= Tiresias (ballet) =

Tiresias is a ballet in a prelude and three acts choreographed by Frederick Ashton to an original score by Constant Lambert. With scenery and costumes designed by the composer's wife Isabel Lambert, it was first presented by the Royal Ballet at the Royal Opera House Covent Garden, London, on 9 July 1951.

==Background==
The idea of a ballet on the subject of the Greek seer who changes sex was first considered by Lambert in the 1930s. Lambert started composing the score in Paris, but due to the distractions of other work he had to enlist assistance for the orchestration from younger colleagues, such as Robert Irving, Humphrey Searle, Gordon Jacob, Alan Rawsthorne and Elisabeth Lutyens.

One of three ballets commissioned for the Festival of Britain, Lambert's score is roughly contemporary with French composer Francis Poulenc's short comic opera Les mamelles de Tirésias first performed at the Opéra-Comique in 1947, on a similar sex-change theme, based on Guillaume Apollinaire's surrealist text of 1917.

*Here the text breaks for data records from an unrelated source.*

Let continuous_h'_shift th : continuous (fun x => h' (x - th)).
Proof. by apply: continuous_shift; exact: continuous_profile'. Qed.

Lemma dens_profile th x : 0 <= x <= 1 -> dens rho al th x = h (x - th).
Proof.
move=> x01; rewrite /dens x01.
have -> : l1 rho al th = a1 + th by rewrite /a1 /l1; ring.
have -> : l2 rho al th = b1 + th by rewrite /b1 /l2 /l1; ring.
have -> : r2 rho al th = a2 + th by rewrite /a2 /r2 /l2 /l1; ring.
have -> : r1 rho al th = b2 + th by rewrite /b2 /r1 /r2 /l2 /l1; ring.
set u := x - th; have -> : x = u + th by rewrite subrK.
rewrite !lerD2r /h.
have [u_a1 | a1_u] := lerP u a1; first by rewrite profile_lo.
have [u_b1 | b1_u] := lerP u b1.
  rewrite /profile (cos_ramp_lo a2b2 (le_trans u_b1 b1a2)) /cos_ramp.
  rewrite clamp_mid ?u_b1 ?(ltW a1_u) //.
  have -> : u + th - (a1 + th) = u - a1 by ring.
  by rewrite w1E; ring.
have [u_a2 | a2_u] := lerP u a2.
  by rewrite /profile (cos_ramp_hi a1b1 (ltW b1_u)) (cos_ramp_lo a2b2 u_a2); ring.
have [u_b2 | b2_u] := lerP u b2; last by rewrite profile_hi // ltW.
rewrite /profile (cos_ramp_hi a1b1 (ltW (le_lt_trans b1a2 a2_u))).
rewrite /cos_ramp clamp_mid ?u_b2 ?(ltW a2_u) //.
have -> : w2 rho * (b2 + th - (u + th)) = - (pi / (b2 - a2) * (u - a2)) + pi.
  by rewrite w2E; field; rewrite subr_eq0 gt_eqF.
by rewrite cosDpi cosN; ring.
Qed.

Lemma dens_patch th : dens rho al th = (fun x => h (x - th)) \_ `[0, 1].
Proof.
apply/funext => x; rewrite patchE; case: ifPn => [/set_mem | /negP x01].
  by rewrite /= in_itv /=; exact: dens_profile.
rewrite /dens ifF //; apply/negP => /andP[x0 x1]; apply: x01.
by apply/mem_set; rewrite /= in_itv /= x0 x1.
Qed.

Definition sample_score (th y : R) : R := - h' (y - th) / h (y - th).

Lemma score_sum t th (z : nat -> R) : (forall i : 'I_t, 0 <= z i <= 1) ->
  score rho al t z th = \sum_(i < t) sample_score th (z i).
Proof.
move=> z01; rewrite /score derive1E.
have -> : (fun v => ln (joint_dens rho al t v z)) =
    \sum_(i < t) (fun v => ln (h (z i - v))).
  apply/funext => v; rewrite fct_sumE /joint_dens -ln_prod //.
  by congr ln; apply: eq_bigr => i _; rewrite dens_profile.
have D (i : 'I_t) := is_derive_ln_shift (z i) th h_gt0 (is_derive_profile al a1b1 a2b2).
exact: (@derive_val _ _ _ _ _ _ _ (is_derive_sum D)).
Qed.

Lemma score_dens_patch th : (fun y => sample_score th y * dens rho al th y) =
  (fun x => - h' (x - th)) \_ `[0, 1].
Proof.
apply/funext => y; rewrite dens_patch !patchE; case: ifP => _; last by rewrite mulr0.
by rewrite /sample_score mulfVK // h_neq0.
Qed.

Lemma sqr_score_dens_patch th : (fun y => sample_score th y ^+ 2 * dens rho al th y) =
  (fun x => h' (x - th) ^+ 2 / h (x - th)) \_ `[0, 1].
Proof.
apply/funext => y; rewrite dens_patch !patchE; case: ifP => _; last by rewrite mulr0.
by have hy := h_neq0 (y - th); rewrite /sample_score; field.
Qed.

Lemma continuous_sqr_score th : continuous (fun x => h' (x - th) ^+ 2 / h (x - th)).
Proof.
have c' := @continuous_h'_shift th; have c := @continuous_h_shift th.
move=> x; rewrite /GRing.exp /=.
apply: (@continuousM R R^o (fun x => h' (x - th) * h' (x - th))
  (fun x => (h (x - th))^-1)); first exact: (@continuousM R R^o _ _ x (c' x) (c' x)).
exact: (@continuousV R R^o (fun x => h (x - th)) x (h_neq0 _) (c x)).
Qed.

Let c1 := 2 * (1 - al) * (pi / (b1 - a1)) ^+ 2.
Let c2 := 2 * (1 - al) * (pi / (b2 - a2)) ^+ 2.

The premiere was conducted by the composer and given in the presence of Queen Elizabeth The Queen Mother. The critical reception was generally negative, and the composer instructed solicitors to challenge the hostile review by Richard Buckle, which cast aspersions on the entire artistic leadership of the Royal Ballet company. Lambert died six weeks after its premiere.

There were 12 London performances in 1951, then ten the following year, seven in 1953, three in 1954 and two in the next season. The work was performed at the Edinburgh Festival in 1951, in Paris (September 1954) as part of an exchange agreement with Opera de Paris, and in New York in September 1955. The New York Times review, headlined "Superb 'Tiresias'", was stronger than any of the UK reviews.

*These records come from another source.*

Theorem lemmaA3 (R : realType) (Omega : finType) (d : nat)
  (Kset : set 'rV[R]_d) (f : 'rV[R]_d -> Omega -> R)
  (P : Omega -> Omega -> R) (mu : Omega -> R) (G : R)
  (N K : nat) (delta : R) (w : 'rV[R]_d) :
  (forall z x, differentiable (fun v => f v z) x) ->
  is_stochastic P -> is_distribution mu -> is_stationary P mu ->
  (forall v z, Kset v -> enorm (grad (fun u => f u z) v) <= G) ->
  (1 <= K <= N)%N ->
  let n := (N %/ K)%N in
  K%:R * (n.-1)%:R * dmix P mu K < delta ->
  Kset w ->
  let F := fun v => \sum_(z : Omega) mu z * f v z in
  let delta' := delta - K%:R * (n.-1)%:R * dmix P mu K in
  let gN := fun x : N.-tuple Omega =>
      N%:R^-1 *: \sum_(i < N) grad (fun u => f u (tnth x i)) w in
  1 - delta <=
  chain_prob P mu
    (fun x : N.-tuple Omega =>
       enorm (gN x - grad F w) <=
         6 * G / Num.sqrt n%:R * (1 + Num.sqrt (ln (K%:R / delta')))
         + 2 * G * K%:R / N%:R).
Proof.
move=> f_diff P_stoch mu_distr mu_stat grad_le KN n dmix_lt w_K; cbv zeta.
set F := fun v : 'rV_d => _; set delta' := delta - K%:R * n.-1%:R * dmix P mu K.
have [x0] := distribution_inhabited mu_distr.
pose Y a := grad (fun u => f u a) w - grad F w.
have Y_mean0 : \sum_a mu a *: Y a = 0.
  under eq_bigr do rewrite scalerBr.
  by rewrite sumrB -scaler_suml mu_distr.2 scale1r -grad_sum_mul // subrr.
have Y_diff a b : enorm (Y a - Y b) <= 2 * G.
  rewrite /Y opprB addrA subrK (le_trans (ler_enormD _ _)) // enormN.
  by have := grad_le w a w_K; have := grad_le w b w_K; lra.
have K_gt0 : 0 < K%:R :> R by rewrite ltr0n; case/andP: KN.
have N_neq0 : N%:R != 0 :> R by rewrite pnatr_eq0 -lt0n; case/andP: KN => /leq_trans; apply.
have mean_dev := chain_prob_mean_dev P_stoch mu_distr mu_stat x0 Y_mean0 Y_diff KN
  (sqrtr_ge0 (ln (K%:R / delta'))).
apply: le_trans (le_trans mean_dev (le_chain_prob P_stoch mu_distr _)) => [|x].
  have delta'_gt0 : 0 < delta' by rewrite subr_gt0.
  have := expRN_sqr_sqrt_ln_le delta'_gt0 K_gt0.
  rewrite ler_pdivlMr // mulrC => Kexp_le.
  by rewrite lerD2l lerN2 mulrDr mulrA; rewrite /delta' in Kexp_le; lra.
have dev_eq : N%:R^-1 *: \sum_(i < N) grad (fun u => f u (tnth x i)) w - grad F w
              = N%:R^-1 *: \sum_(i < N) Y (tnth x i).
  rewrite /Y sumrB sumr_const card_ord scalerBr -(scaler_nat N (grad F w)).
  by rewrite scalerA mulVf ?scale1r.
by rewrite dev_eq (_ : 6 * G = 3 * (2 * G)) //; ring.
Qed.
(* Let $V$ be a real vector space of finite even dimension $n$ with a quadratic form $Q$ of anti-Lorentz signature $(1,n-1)$, and let $\rho$ be a $c$-compatible irreducible representation of $\mathbb{C}l(V)$ on a finite-dimensional complex vector space $K$ with nondegenerate hermitian form $(\cdot,\cdot)$. Let $K=K_L\oplus K_R$ where $K_L$ (resp. $K_R$) is the $-1$ (resp. $+1$) eigenspace of the chirality operator $\chi$. Let $w\in V$ be a nonzero spacelike vector and $(\psi,\phi)_w:=(\psi,\rho(w)\phi)$. Then $K_L$ and $K_R$ are orthogonal to each other for $(\cdot,\cdot)_w$, and if $n>2$, the restriction of $(\cdot,\cdot)_w$ to each of $K_L$ and $K_R$ is neutral.
   Context: $Cl(V,Q)$ is the real Clifford algebra with $v^2=+Q(v)$, $\mathbb{C}l(V)$ its complexification with complex conjugation $c$, $T$ the linear antiautomorphism restricting to the identity on $V$, $a^\times=c(T(a))$. $\rho$ is $c$-compatible if $(\rho(a)\psi,\phi)=(\psi,\rho(a^\times)\phi)$. In the anti-Lorentzian setting a vector $v$ is timelike if $Q(v)>0$ and spacelike if $Q(v)<0$. The chirality operator is $\chi=(-i)^{n/2+q}\rho(\omega)$ with $q=n-1$ and $\omega=e_1\cdots e_n$ the volume element of a pseudo-orthonormal basis of $V$. A hermitian form is neutral if its positive and negative indices of inertia are equal. *)

From HB Require Import structures.
From mathcomp Require Import all_boot all_order all_algebra.
From mathcomp Require Import reals.
From mathcomp Require Import complex.
Set Implicit Arguments. Unset Strict Implicit. Unset Printing Implicit Defensive.
Import Order.TTheory GRing.Theory Num.Theory.
Local Open Scope ring_scope.
Local Open Scope complex_scope.

Section CliffordDefs.
Variable R : realType.
Local Notation C := (R[i]).
(* Let $k\ge 3$ and let $G=(V,E)$ be a $k$-uniform hm-bipartite hypergraph with adjacency tensor $\mathcal A$. Then the spectrum of $\mathcal A$ is invariant under multiplication by any $k$-th root of unity: for every $\alpha\in\mathbb C$ with $\alpha^k=1$ and every $\lambda\in\mathbb C$, $\lambda$ is an eigenvalue of $\mathcal A$ if and only if $\alpha\lambda$ is, and they have the same algebraic multiplicity.
   Context: A $k$-uniform hypergraph $G=(V,E)$ has vertex set $V=[n]=\{1,\dots,n\}$ ($n\ge k$) and edge set $E$ consisting of $k$-element subsets of $V$. For $i\in V$, $E_i=\{e\in E: i\in e\}$ and $d_i=|E_i|$ is the degree of $i$. The adjacency tensor $\mathcal A=(a_{i_1\dots i_k})$ is the order-$k$, dimension-$n$ tensor with $a_{i_1\dots i_k}=\frac{1}{(k-1)!}$ if $\{i_1,\dots,i_k\}\in E$ and $0$ otherwise. For a tensor $\mathcal T=(t_{i_1\dots i_k})$ and $\mathbf x\in\mathbb C^n$, $\mathcal T\mathbf x^{k-1}\in\mathbb C^n$ has $i$-th entry $\sum_{i_2,\dots,i_k\in[n]}t_{ii_2\dots i_k}x_{i_2}\cdots x_{i_k}$; in particular $(\mathcal A\mathbf x^{k-1})_i=\sum_{e\in E_i}\prod_{j\in e\setminus\{i\}}x_j$. $\mathcal I$ denotes the identity tensor ($1$ exactly on the diagonal $i_1=\dots=i_k$). $\lambda\in\mathbb C$ is an eigenvalue of $\mathcal T$ with eigenvector $\mathbf x\in\mathbb C^n\setminus\{0\}$ if $(\lambda\mathcal I-\mathcal T)\mathbf x^{k-1}=0$, i.e. $(\mathcal T\mathbf x^{k-1})_i=\lambda x_i^{k-1}$ for all $i$. The characteristic polynomial is $\chi_{\mathcal T}(\lambda)=\mathrm{Det}(\lambda\mathcal I-\mathcal T)$, where $\mathrm{Det}$ is the tensor determinant (the resultant of the polynomial system $\mathcal T\mathbf x^{k-1}=0$, normalized so $\mathrm{Det}(\mathcal I)=1$); it is monic of degree $n(k-1)^{n-1}$, its roots are exactly the eigenvalues, and the algebraic multiplicity of an eigenvalue is its multiplicity as a root. The spectrum is the multiset of roots. $G$ is hm-bipartite if either $E=\emptyset$ or there is a partition $V=V_1\cup V_2$ with $V_1,V_2\neq\emptyset$ such that every edge $e\in E$ satisfies $|e\cap V_1|=1$ (and hence $|e\cap V_2|=k-1$). *)

From HB Require Import structures.
From mathcomp Require Import all_boot all_order all_algebra all_fingroup.
Set Implicit Arguments. Unset Strict Implicit. Unset Printing Implicit Defensive.
Import Order.TTheory GRing.Theory Num.Theory.
Local Open Scope ring_scope.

Alan Rawsthorne's orchestral Improvisations on a Theme of Constant Lambert (1960) uses the opening fanfare from Tiresias as its theme.

==Original cast==
- Tiresias (male) – Michael Somes
- Tiresias (female) – Margot Fonteyn
- Her lover – John Field
- Neophyte – Margaret Dale
- Snakes – Pauline Clayden, Brian Shaw
- Zeus - Alfred Rodriguez

==Synopsis==
Tiresias enters on a scene of young girls engaged in vaulting over the horn of bull. After a solo and a dance for Tiresias and male corps de ballet, priestesses and a young virgin come on the scene. The Neophyte gives him a wand and departs. Tiresias spots two snakes copulating and in a rage he strikes the female snake with his staff and is thus changed into a woman.

Following a pastoral interlude, shepherds and shepherdesses enter and dance with Tiresias. Her lover appears, and they dance a climactic pas de deux. Then there is a bacchanale celebrating their happiness, at the end of which two snakes enters, engaged as before. Tiresias strikes the male snake with her staff, and is restored to his original self.

Another interlude transforms the scene to a palace courtyard where Zeus and Hera are arguing whether men or women get most pleasure in sex. Called to be judge Tiresias declares that women do, and Hera angrily blinds him, but Zeus bestows the gift of prophecy on Tiresias and he departs.

==Recordings==
The first broadcast performance of Tiresias, using the score edited by John Abbott, took place on 8 November 1995 with the BBC Concert Orchestra conducted by Barry Wordsworth. In April 1998 a recording of the score was made by the English Northern Philharmonia conducted by David Lloyd-Jones, and issued by Hyperion Records the following year on CD, coupled with the Pomona ballet music by Lambert. The CD booklet cover uses one of Isabel Lambert's designs for Act 1.